EXERCISE REQUIREMENTS: Search the material below for the string "intros" and list each line that holds it.

SUPPLIED MATERIAL:
Lemma rownorm_tends m (g : nat -> 'rV[K]_m) x :
  x *m x ^t conj = 1%:M -> mx_tends g x -> tends (fun s => rownorm (g s)) 1.
Proof.
move=> hx hg; apply: tends_sqrt1 => [s|]; first exact: dotmx_adj_ge0.
by have := mx_tendsM hg (mx_tends_adj hg) 0 0; rewrite hx mxE.
Qed.

Lemma rownormalize m (g : 'rV[K]_m) : rownorm g != 0 ->
  (rownorm g)^-1 *: g *m ((rownorm g)^-1 *: g) ^t conj = 1%:M.
Proof.
move=> r0; have r_ge0 : 0 <= (rownorm g)^-1 by rewrite invr_ge0 sqrt_ge0 ?dotmx_adj_ge0.
rewrite linearZ /= map_mxZ conj_ge0 // -scalemxAl -scalemxAr scalerA.
rewrite [g *m _]mx11_scalar -(sqrtK (dotmx_adj_ge0 g)) -/(rownorm g).
by rewrite scale_scalar_mx; congr (_%:M); field.
Qed.

Lemma mx_tends_rownormalize m (g : nat -> 'rV[K]_m) x :
  x *m x ^t conj = 1%:M -> mx_tends g x ->
  mx_tends (fun s => (rownorm (g s))^-1 *: g s) x.
Proof.
move=> hx hg; have := mx_tendsZ (tendsV (oner_neq0 K) (rownorm_tends hx hg)) hg.
by rewrite invr1 scale1r.
Qed.

Lemma mx_tends_orthogonalize p m (G : nat -> 'M[K]_(p, m)) (u : nat -> 'rV[K]_m) L x :
  mx_tends G L -> mx_tends u x -> L *m x ^t conj = 0 ->
  mx_tends (fun s => G s - G s *m u s ^t conj *m u s) L.
Proof.
move=> hG hu hLx.
have := mx_tendsD hG (mx_tendsN (mx_tendsM (mx_tendsM hG (mx_tends_adj hu)) hu)).
by rewrite hLx mul0mx oppr0 addr0.
Qed.

Lemma gram_schmidt n m (X : 'M[K]_(n, m)) (G : nat -> 'M[K]_(n, m)) :
  X *m X ^t conj = 1%:M -> mx_tends G X ->
  exists2 B : nat -> 'M[K]_n,
    eventually (fun s => B s \in unitmx /\ B s *m G s *m (B s *m G s) ^t conj = 1%:M)
    & mx_tends (fun s => B s *m G s) X.
Proof.
elim: n X G => [|n IH] X G hX hG.
  exists (fun _ => 1%:M); last by case.
  by exists 0%N => s _; rewrite unitmx1; split=> //; apply/matrixP => -[].
have XE : X = col_mx (usubmx (X : 'M_(1 + n, m))) (dsubmx (X : 'M_(1 + n, m))).
  by rewrite vsubmxK.
set x := usubmx _ in XE; set X' := dsubmx _ in XE.
have [hx hX' hX'x] : [/\ x *m x ^t conj = 1%:M, X' *m X' ^t conj = 1%:M
    & X' *m x ^t conj = 0] by apply/col_mx_adj_unitP; rewrite -XE.
pose g s := usubmx (G s : 'M_(1 + n, m)); pose G' s := dsubmx (G s : 'M_(1 + n, m)).
have hg : mx_tends g x := @mx_tends_usubmx _ 1 n m G X hG.
have hG' : mx_tends G' X' := @mx_tends_dsubmx _ 1 n m G X hG.
pose r s := rownorm (g s); pose u s := (r s)^-1 *: g s.
have hu : mx_tends u x := mx_tends_rownormalize hx hg.
pose H s := G' s - G' s *m u s ^t conj *m u s.
have [B' evB' hB'] := IH X' H hX' (mx_tends_orthogonalize hG' hu hX'x).
(* B s normalizes the first row, removes its component from the other rows,
   and then applies B' s to them. *)
pose B s : 'M[K]_(1 + n) :=
  block_mx (r s)^-1%:M 0 (- (r s)^-1 *: (B' s *m G' s *m u s ^t conj)) (B' s).
have BG s : B s *m G s = col_mx (u s) (B' s *m H s).
  rewrite -[G s](@vsubmxK _ 1 n) mul_block_col mul_scalar_mx mul0mx addr0.
  congr col_mx; rewrite /H mulmxBr -!scalemxAl -!scalemxAr -scaleNr.
  by rewrite !mulmxA addrC.
exists B; last first.
  by rewrite XE => i j; apply: tends_ext (mx_tends_col_mx hu hB' i j) _ => s; rewrite BG.
have r1 : eventually (fun s => `|r s - 1| < 1) := rownorm_tends hx hg ltr01.
apply: eventually_mono (eventually_and evB' r1) => {r1} s [[uB' hB's] r1].
have r0 : r s != 0 by apply: contraTneq r1 => ->; rewrite sub0r normrN normr1 ltxx.
split.
  rewrite /B unitmxE (@det_lblock _ 1 n) det_scalar1 unitrM -unitmxE uB'.
  by rewrite unitfE invr_eq0 r0.
have hu1 : u s *m u s ^t conj = 1%:M := rownormalize r0.
rewrite BG; apply/(@col_mx_adj_unitP 1 n m); split => //.
by rewrite -mulmxA /H mulmxBl -[_ *m u s *m _]mulmxA hu1 mulmx1 subrr mulmx0.
Qed.

Lemma pencil_quad_free n m p (C : 'M[K]_(n * n, p)) (X Z : 'I_m -> 'cV[K]_n) :
  quad_free C Z -> forall N, exists2 s, (N <= s)%N &
    quad_free C (fun k => s%:R *: X k + Z k).
Proof.
move=> /row_freeP[M hM] N.
pose Y k := 'X *: map_mx polyC (X k) + map_mx polyC (Z k).
pose q := \det (row_mx (quad_mx (map_poly conj) Y) (map_mx polyC C) *m map_mx polyC M).
have polyCK r c (A : 'M[K]_(r, c)) t : map_mx (horner_eval t) (map_mx polyC A) = A.
  by apply/matrixP => i j; rewrite !mxE horner_evalE hornerC.
have qE t : conj t = t ->
    q.[t] = \det (row_mx (quad_mx conj (fun k => t *: X k + Z k)) C *m M).
  move=> ct; have fc : horner_eval t \o map_poly conj =1 conj \o horner_eval t.
    by move=> a /=; rewrite !horner_evalE -{1}ct horner_map.
  rewrite -horner_evalE -det_map_mx map_mxM map_row_mx !polyCK (map_quad_mx _ fc).
  congr (\det (row_mx _ _ *m _)); apply: eq_quad_mx => k.
  by apply/matrixP => i j; rewrite !mxE -[LHS]/((_ : {poly K}).[t]) !hornerE.
have q0 : q != 0.
  apply: contra_neq (oner_neq0 K) => q0; rewrite -(det1 _ (n * n)) -hM.
  rewrite (@eq_quad_mx _ _ _ _ Z (fun k => 0 *: X k + Z k)) => [|k]; last first.
    by rewrite scale0r add0r.
  by rewrite -qE ?rmorph0 // q0 horner0.
have [s Ns] := natr_nonroot N q0; rewrite qE ?rmorph_nat // => qs; exists s => //.
move: qs; rewrite -unitfE -unitmxE -row_free_unit => /eqP rk.
by rewrite /quad_free /row_free eqn_leq rank_leq_row -{1}rk mxrankM_maxl.
Qed.
Lemma pow_le_1 x k : 0 <= x <= 1 -> x ^ k <= 1.
Proof. intros; rewrite <- (pow1 k); apply pow_incr; lra. Qed.

Lemma pow_incr_nonneg x y k : 0 <= x <= y -> 0 <= x ^ k <= y ^ k.
Proof. intros; split; [apply pow_le | apply pow_incr]; lra. Qed.

Lemma pow_one_minus_ge u m : 0 <= u <= 1 -> 1 - INR m * u <= (1 - u) ^ m.
Proof.
  intros Hu; induction m.
  - simpl; lra.
  - rewrite S_INR. simpl. pose proof (pos_INR m).
    destruct (Rle_lt_dec 0 (1 - INR m * u)).
    + assert (0 <= INR m * u * u) by (apply Rmult_le_pos; [apply Rmult_le_pos|]; lra).
      assert ((1 - u) * (1 - INR m * u) <= (1 - u) * (1 - u) ^ m)
        by (apply Rmult_le_compat_l; lra).
      nra.
    + assert (0 <= (1 - u) ^ m) by (apply pow_le; lra). nra.
Qed.

Lemma exp_le x y : x <= y -> exp x <= exp y.
Proof. intros [H | <-]; [left; apply exp_increasing; auto | lra]. Qed.

Lemma exp_pow x m : exp x ^ m = exp (x * INR m).
Proof.
  induction m.
  - simpl. rewrite Rmult_0_r, exp_0. reflexivity.
  - simpl pow. rewrite IHm, <- exp_plus, S_INR. f_equal; ring.
Qed.

Lemma pow_one_minus_le_exp u m : 0 <= u <= 1 -> (1 - u) ^ m <= exp (- u * INR m).
Proof.
  intros Hu. rewrite <- exp_pow. apply pow_incr.
  pose proof (exp_ineq1_le (-u)). lra.
Qed.

Lemma exp_minus_4_le : exp (-4) <= 1/16.
Proof.
  replace (-4) with (- (1 + 1 + 1 + 1)) by ring. rewrite exp_Ropp, !exp_plus.
  pose proof (exp_ineq1_le 1). set (e := exp 1) in *.
  assert (4 <= e * e) by nra.
  assert (16 <= e * e * e * e) by (replace (e * e * e * e) with ((e * e) * (e * e)) by ring; nra).
  apply Rmult_le_reg_l with (e * e * e * e); [lra|].
  rewrite Rinv_r by lra. lra.
Qed.

Lemma RInt_exp_decay a p q : 0 < a ->
  RInt (fun y => exp (- y / a)) p q = a * exp (- p / a) - a * exp (- q / a).
Proof.
  intros Ha. apply is_RInt_unique.
  replace (a * exp (- p / a) - a * exp (- q / a))
    with (minus (- a * exp (- q / a)) (- a * exp (- p / a)))
    by (unfold minus, plus, opp; simpl; ring).
  apply (is_RInt_derive (fun y => - a * exp (- y / a))).
  - intros x _. auto_derive; auto. unfold Rdiv. field. lra.
  - intros x _. apply continuity_pt_filterlim. reg.
Qed.

(* With [m a ^ 2 = 1], the bump [(1 - y ^ 2 / 4) ^ m] has width of order [a]. *)
Section BumpWidth.
Variables (a : R) (m : nat).
Hypothesis a_pos : 0 < a.
Hypothesis a_small : a <= 1/10.
Hypothesis m_a : INR m * a ^ 2 = 1.
Lemma balanced_le_dist h : labeling e h -> balanced h ->
  exists f g, [/\ proper3 e f, proper3 e g &
                  forall s, col_walk e f g s -> norm1 h <= size s].
Proof.
move=> hl hb; have [Hg [hg hf]] := labeling_heights hl.
exists (coloring_of (fun v => Hg v + 2 * h v)%R), (coloring_of Hg).
split; try exact: coloring_of_proper.
move=> s /andP [ws /eqP ls].
have [H' [h' cH' even' norm']] := walk_lift e_irr hf ws; rewrite ls in cH'.
have shift := eq_coloring_of_const e_conn hg h' (esym cH').
have /eq_coloring_of eq3 := cH'.
have /card_gt0P [r _] := V_gt0.
(* H' = Hg + c with 6 %| c, so |H' - (Hg + 2h)| = 2 |h - c/2| = 2 |h + 3m|. *)
pose m : int := (- ((H' r - Hg r)%R %/ 6)%Z)%R.
have norm_diff :
    norm1 (fun w => H' w - (Hg w + 2 * h w))%R = 2 * norm1 (fun v => h v + 3 * m)%R.
  rewrite /norm1 big_distrr /=; apply: eq_bigr => w _.
  by have := shift w r; have := even' r; have := eq3 r; rewrite /m; lia.
by move: (hb m) norm'; rewrite norm_diff; move: (norm1 _) (norm1 _) => a b; lia.
Qed.

Lemma balanced_norm1_lt h : labeling e h -> balanced h -> norm1 h < #|{ffun V -> 'Z_3}|.
Proof.
move=> hl hb; have [f [g [pf pg far]]] := balanced_le_dist hl hb.
have [_ [_ _ [s /andP [ws /eqP ls] _]]] := dist_le_balanced pf pg.
have [s' [ws' ls' size_s']] := shorten_walk ws.
have walk_s' : col_walk e f g s' by rewrite /col_walk ws' ls' ls eqxx.
exact: leq_ltn_trans (far s' walk_s') size_s'.
Qed.

Lemma max_balanced_exists : exists D, max_balanced e D.
Proof.
pose P n := exists h, [/\ labeling e h, balanced h & norm1 h = n].
have [||D [PD maxD]] := @bounded_nat_max P #|{ffun V -> 'Z_3}|.
- have norm1_0 : norm1 (fun _ : V => 0%R : int) = 0 by rewrite /norm1 big1.
  by exists 0, (fun=> 0%R); split=> // m; rewrite norm1_0.
- by move=> n [h [hl hb <-]]; exact/ltnW/balanced_norm1_lt.
- by exists D; split=> // h hl hb; apply: maxD; exists h.
Qed.

End Tree.

Theorem mainTheorem7 (V : finType) (e : rel V) :
  is_tree e -> exists D : nat, col_diam e D /\ max_balanced e D.
Proof.
move=> e_tree; have [D maxD] := max_balanced_exists e_tree.
exists D; split=> //; split.
- move=> f g pf pg; have [h [hl hb [s ws size_s]]] := dist_le_balanced e_tree pf pg.
  by exists s; split=> //; apply: leq_trans size_s (maxD.2 h hl hb).
- by have [h [hl hb <-]] := maxD.1; exact: balanced_le_dist.
Qed.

EXERCISE ANSWER:
Proof. intros; rewrite <- (pow1 k); apply pow_incr; lra. Qed.
Proof. intros; split; [apply pow_le | apply pow_incr]; lra. Qed.
  intros Hu; induction m.
Proof. intros [H | <-]; [left; apply exp_increasing; auto | lra]. Qed.
  intros Hu. rewrite <- exp_pow. apply pow_incr.
  intros Ha. apply is_RInt_unique.
  - intros x _. auto_derive; auto. unfold Rdiv. field. lra.
  - intros x _. apply continuity_pt_filterlim. reg.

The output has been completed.